Technically, coupling occurs two-way, as mixing ratios of chemical tracers are exchanged between FV3GFS and GSDCHEM at each coupling step to be advected by FV3 dynamical core. However, at this point coupling is considered to be only one way in this milestone from a scientific standpoint, since feedback to the meteorology is not yet activated.
At each coupling time step, a complete set of fields is provided by FV3GFS to GSDCHEM, which includes them in chemistry computations and returns updated mixing ratios for the chemical tracers to FV3GFS. Tracer concentrations and some diagnostic chemical output are included in FV3GFS history files.
All 2D and 3D fields exported by FV3GFS are initialized using baseline input data provided for regression testing.
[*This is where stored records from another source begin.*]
Lemma ln_bernoulli_mgf_le (q h : R) : 0 <= q <= 1 ->
  ln (1 - q + q * expR h) <= q * h + h ^+ 2 / 8.
Proof.
move=> /andP[q0 q1].
pose M : R -> R := cst (1 - q) + q \*: expR.
have ME x : M x = 1 - q + q * expR x by [].
have M_gt0 x : 0 < M x.
  rewrite ME; have := mulr_ge0 q0 (expR_ge0 x).
  have [q_lt1|q_ge1] := ltP q 1; first lra.
  have -> : q = 1 by lra.
  by rewrite subrr add0r mul1r expR_gt0.
have DM x : is_derive x (1:R) M (q * expR x) by apply: is_derive_eq; rewrite add0r.
pose r : R -> R := (fun y => (M y)^-1) * (q \*: expR).
have rE x : r x = (M x)^-1 * (q * expR x) by [].
have Dlog x : is_derive x (1:R) ((@ln R) \o M) (r x).
  by rewrite rE; exact: is_derive1_comp (is_derive1_ln (M_gt0 x)) (DM x).
have Dr x : is_derive x (1:R) r (r x - r x ^+ 2).
  have DMV : is_derive x (1:R) (fun y => (M y)^-1) (- (M x) ^- 2 *: (q * expR x)).
    by apply: is_deriveV; rewrite ?gt_eqF.
  have DMVexp := is_deriveM DMV (is_deriveZ q (is_derive_expR x)).
  have scaleE (a b : R) : a *: b = a * b by [].
  have qexpE : (q \*: expR) x = q * expR x by [].
  apply: is_derive_eq.
  by rewrite !rE !scaleE qexpE exprMn exprVn; ring.
(* [r x] lies in [0, 1], so [(ln M)'' = r - r^2] is a Bernoulli variance, at most 1/4. *)
have r_var x : r x - r x ^+ 2 <= 4^-1.
  by have := sqr_ge0 (r x - 2^-1); rewrite !expr2; lra.
have := le_taylor1_of_derive2_le Dlog Dr r_var h.
have r0 : r 0 = q by rewrite rE ME expR0 mulr1 subrK invr1 mul1r.
rewrite /= r0 !ME expR0 mulr1 subrK ln1 add0r.
by have -> : 4^-1 / 2 * h ^+ 2 = h ^+ 2 / 8 by field.
Qed.

Lemma expR_le_chord (a b y : R) : a < b -> a <= y <= b ->
  expR y <= (b * expR a - a * expR b) / (b - a) + (expR b - expR a) / (b - a) * y.
Proof.
move=> ab /andP[ay yb].
have -> : (b * expR a - a * expR b) / (b - a) + (expR b - expR a) / (b - a) * y =
    ((b - y) * expR a + (y - a) * expR b) / (b - a).
  by field; rewrite gt_eqF // subr_gt0.
rewrite ler_pdivlMr ?subr_gt0 //.
have split_at_y z : expR z = expR y * expR (z - y) by rewrite -expRD subrKC.
rewrite (split_at_y a) (split_at_y b).
have ey := expR_gt0 y.
have by0 : 0 <= b - y by rewrite subr_ge0.
have ya0 : 0 <= y - a by rewrite subr_ge0.
have ka := ler_wpM2l (mulr_ge0 by0 (ltW ey)) (expR_ge1Dx (a - y)).
have kb := ler_wpM2l (mulr_ge0 ya0 (ltW ey)) (expR_ge1Dx (b - y)).
nra.
Qed.

Lemma derive1_quadratic_remainder (phi : R -> R) (a K : R) :
  (forall s, `|phi s - phi 0 - s * a| <= K * s ^+ 2) -> derive1 phi 0 = a.
Proof.
move=> remainder; apply: cvg_lim => //; apply/cvgrPdist_lt => e e0.
have K1_gt0 : 0 < `|K| + 1 by rewrite ltr_wpDl.
near=> h.
have h_neq0 : h != 0 by near: h; exact: nbhs_dnbhs_neq.
have h_small : `|h| < e / (`|K| + 1).
  by near: h; apply: dnbhs0_lt; rewrite divr_gt0.
have h_gt0 : 0 < `|h| by rewrite normr_gt0.
have -> : a - h^-1 *: (phi (h + 0) - phi 0) = - (h^-1 * (phi h - phi 0 - h * a)).
  by rewrite addr0 /GRing.scale /=; field.
rewrite normrN normrM normfV ltr_pdivrMl //; apply: le_lt_trans (remainder h) _.
rewrite ltr_pdivlMr // in h_small.
rewrite -(real_normK (num_real h)) expr2.
have := ler_norm K; nra.
Unshelve. all: by end_near.
Qed.

End Calculus.

Section FiniteDistribution.
Variables (R : realType) (I : finType) (p : I -> R).
Hypotheses (p_ge0 : forall i, 0 <= p i) (p_sum1 : \sum_i p i = 1).

Lemma mean_affine (v : I -> R) (a b : R) :
  \sum_i p i * (a + b * v i) = a + b * \sum_i p i * v i.
Proof.
under eq_bigr do rewrite mulrDr mulrCA.
by rewrite big_split /= -!mulr_sumr -mulr_suml p_sum1 mul1r.
Qed.

Lemma mean_in_range (v : I -> R) (a b : R) : (forall i, a <= v i <= b) ->
  a <= \sum_i p i * v i <= b.
Proof.
move=> vab; apply/andP; split.
  rewrite -[a]mul1r -p_sum1 mulr_suml; apply: ler_sum => i _.
  by apply: ler_wpM2l => //; case/andP: (vab i).
rewrite -[b]mul1r -p_sum1 mulr_suml; apply: ler_sum => i _.
by apply: ler_wpM2l => //; case/andP: (vab i).
Qed.

Lemma expR_mean_le (v : I -> R) :
  expR (\sum_i p i * v i) <= \sum_i p i * expR (v i).
Proof.
set mu := \sum_i p i * v i.
have tangent i : expR mu * (1 - mu + v i) <= expR (v i).
  have -> : expR (v i) = expR mu * expR (v i - mu) by rewrite -expRD subrKC.
  by apply: ler_wpM2l; [exact: expR_ge0 | have := expR_ge1Dx (v i - mu); lra].
apply: le_trans (ler_sum _ (fun i _ => ler_wpM2l (p_ge0 i) (tangent i))).
under eq_bigr do rewrite mulrDr.
by rewrite mean_affine -/mu -mulrDr subrK mulr1.
Qed.

Lemma mean_expR_le_hoeffding (v : I -> R) (a b : R) : (forall i, a <= v i <= b) ->
  \sum_i p i * expR (v i) <= expR (\sum_i p i * v i + (b - a) ^+ 2 / 8).
Proof.
move=> vab; set mu := \sum_i p i * v i.
have /andP[a_mu mu_b] : a <= mu <= b := mean_in_range vab.
have [ab|ba] := ltP a b; last first.
  have va i : v i = a by case/andP: (vab i) => ai ib; apply/le_anti; rewrite ai (le_trans ib).
  have mua : mu = a by apply/le_anti; rewrite a_mu (le_trans mu_b).
  under eq_bigr do rewrite va.
  rewrite -mulr_suml p_sum1 mul1r mua ler_expR lerDl.
  by rewrite mulr_ge0 ?sqr_ge0.
have ba0 : 0 < b - a by rewrite subr_gt0.
pose q := (mu - a) / (b - a).
have q01 : 0 <= q <= 1.
  apply/andP; split; first by apply: divr_ge0; lra.
  by rewrite ler_pdivrMr // mul1r lerD2r.
apply: le_trans (ler_sum _ (fun i _ => ler_wpM2l (p_ge0 i) (expR_le_chord ab (vab i)))) _.
rewrite mean_affine -/mu.
have -> : (b * expR a - a * expR b) / (b - a) + (expR b - expR a) / (b - a) * mu =
    expR a * (1 - q + q * expR (b - a)).
  by rewrite /q expRB; field; rewrite !gt_eqF ?expR_gt0.
have -> : mu + (b - a) ^+ 2 / 8 = a + (q * (b - a) + (b - a) ^+ 2 / 8).
  by rewrite /q; field; rewrite gt_eqF.
rewrite [expR (a + _)]expRD; apply: ler_wpM2l; first exact: expR_ge0.
have mgf_gt0 : 0 < 1 - q + q * expR (b - a).
  by have := expR_gt0 (b - a); case/andP: q01 => q0 q1; nra.
by rewrite -ler_ln ?posrE ?expR_gt0 // expRK ln_bernoulli_mgf_le.
Qed.

End FiniteDistribution.

Section CrossEntropy.
Variable R : realType.

Lemma exists_argmin_argmax (I : finType) (i0 : I) (u : I -> R) :
  exists j1 j2, forall k, u j1 <= u k <= u j2.
Proof.
case: (Order.TotalTheory.arg_minP u (erefl (xpredT i0))) => j1 _ min_j1.
case: (Order.TotalTheory.arg_maxP u (erefl (xpredT i0))) => j2 _ max_j2.
by exists j1, j2 => k; apply/andP; split; [exact: min_j1 | exact: max_j2].
Qed.

Lemma sum_sqr_ge0 (I : finType) (v : I -> R) : 0 <= \sum_i v i ^+ 2.
Proof. by apply: sumr_ge0 => i _; exact: sqr_ge0. Qed.

Lemma sqrB_le_2sum_sqr (I : finType) (u : I -> R) (j1 j2 : I) :
  (u j2 - u j1) ^+ 2 <= 2 * \sum_j u j ^+ 2.
Proof.
have [->|j12] := eqVneq j1 j2; first by rewrite subrr expr0n mulr_ge0 ?sum_sqr_ge0.
have two_terms : u j1 ^+ 2 + u j2 ^+ 2 <= \sum_j u j ^+ 2.
  rewrite (bigD1 j1) //= (bigD1 j2) 1?eq_sym //= addrA lerDl.
  by apply: sumr_ge0 => j _; exact: sqr_ge0.
by have := sqr_ge0 (u j1 + u j2); rewrite !expr2 in two_terms *; nra.
Qed.

Definition linearization_gap (C : nat) (Lab : Type) (ell : 'rV[R]_C -> Lab -> R)
  (g : 'rV[R]_C -> Lab -> 'rV[R]_C) (z : 'rV[R]_C) (c : Lab) (u : 'rV[R]_C) : R :=
  ell (z + u) c - ell z c - \sum_j g z c 0 j * u 0 j.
FV3 data structures (IPD_Data) corresponding to these fields are shown
in Table 1
. 19 chemical tracers are defined in the FV3GFS input field_table file with a spatially constant non-zero value at the surface. These tracers are also added to the diag_table file to be included in FV3GFS dynamics history files.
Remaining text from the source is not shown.